■ WORK TASK ■
Could you copy out every line of the data where the word "else" occurs?

■ RECORDS PROVIDED ■
___
Lemma first_neg_from_false_SS m : s < x -> first_neg_from x s (false :: l) (S (S m)) = false.
Proof.
  intros. unfold first_neg_from. simpl Nat.pred. simpl seq. simpl forallb.
  rewrite (psum_cons x false l 0), psum_0. simpl step.
  rewrite (isneg_true (s + (- x + 0))); [|lra]. simpl.
  now destruct (isneg _).
Qed.

Lemma first_neg_from_true_SS m : 0 <= s -> x <= 1 ->
  first_neg_from x s (true :: l) (S (S m)) = first_neg_from x (s + (1 - x)) l (S m).
Proof.
  intros. unfold first_neg_from. simpl Nat.pred. simpl seq. simpl forallb.
  rewrite (psum_cons x true l 0), psum_0. simpl step.
  rewrite (isneg_false (s + (1 - x + 0))); [|lra]. simpl negb.
  rewrite psum_cons. simpl step. rewrite Rplus_assoc. f_equal.
  simpl andb. rewrite <- seq_shift. apply forallb_map_ext.
  intros a. now rewrite psum_cons, Rplus_assoc.
Qed.

End FirstStep.

(* From level [s], as long as [n] up-steps cannot reach [x], the walk goes negative
   at step [n + 1] exactly on the paths starting with [n] ups followed by a down. *)
Lemma sum_first_neg_from rho x n : x <= 1 -> forall s, 0 <= s -> s + INR n * (1 - x) < x ->
  sum_bseqs (S n) (fun l => if first_neg_from x s l (S n) then weight rho l else 0) =
  rho ^ n * (1 - rho).
Proof.
  intros Hx. induction n as [|n IH]; intros s Hs Hlt; rewrite sum_bseqs_cons.
  - simpl in Hlt.
    rewrite (sum_bseqs_ext 0 _ (fun _ => 0))
      by (intros l; now rewrite first_neg_from_true_1).
    rewrite (sum_bseqs_ext 0 (fun l => if first_neg_from x s (false :: l) 1
                                      then weight rho (false :: l) else 0)
               (fun l => (1 - rho) * weight rho l))
      by (intros l; rewrite first_neg_from_false_1; [reflexivity|lra]).
    rewrite sum_bseqs_0, sum_bseqs_scal_l, sum_bseqs_weight. simpl. ring.
  - rewrite S_INR in Hlt. pose proof (pos_INR n).
    rewrite (sum_bseqs_ext (S n) _ (fun l => rho *
               (if first_neg_from x (s + (1 - x)) l (S n) then weight rho l else 0))).
    2:{ intros l. rewrite first_neg_from_true_SS, weight_cons by easy.
        destruct (first_neg_from _ _ _ _); ring. }
    rewrite (sum_bseqs_ext (S n) (fun l => if first_neg_from x s (false :: l) (S (S n))
                                          then weight rho (false :: l) else 0) (fun _ => 0)).
    2:{ intros l. rewrite first_neg_from_false_SS; [easy|nra]. }
    rewrite sum_bseqs_0, sum_bseqs_scal_l, IH by lra. simpl. ring.
Qed.

Lemma probN_geometric rho x n :
  x <= 1 -> INR n * (1 - x) < x -> probN rho x (S n) = rho ^ n * (1 - rho).
Proof.
  intros Hx Hn. unfold probN. fold (sum_bseqs (S n)
    (fun l => if firstneg x l (S n) then weight rho l else 0)).
  rewrite (sum_bseqs_ext _ _ (fun l => if first_neg_from x 0 l (S n) then weight rho l else 0))
    by (intros l; now rewrite firstneg_eq_from_0).
  apply sum_first_neg_from; lra.
Qed.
___
■ ANSWER BOX ■
  sum_bseqs (S n) (fun l => if first_neg_from x s l (S n) then weight rho l else 0) =
                                      then weight rho (false :: l) else 0)
               (if first_neg_from x (s + (1 - x)) l (S n) then weight rho l else 0))).
                                          then weight rho (false :: l) else 0) (fun _ => 0)).
    (fun l => if firstneg x l (S n) then weight rho l else 0)).
  rewrite (sum_bseqs_ext _ _ (fun l => if first_neg_from x 0 l (S n) then weight rho l else 0))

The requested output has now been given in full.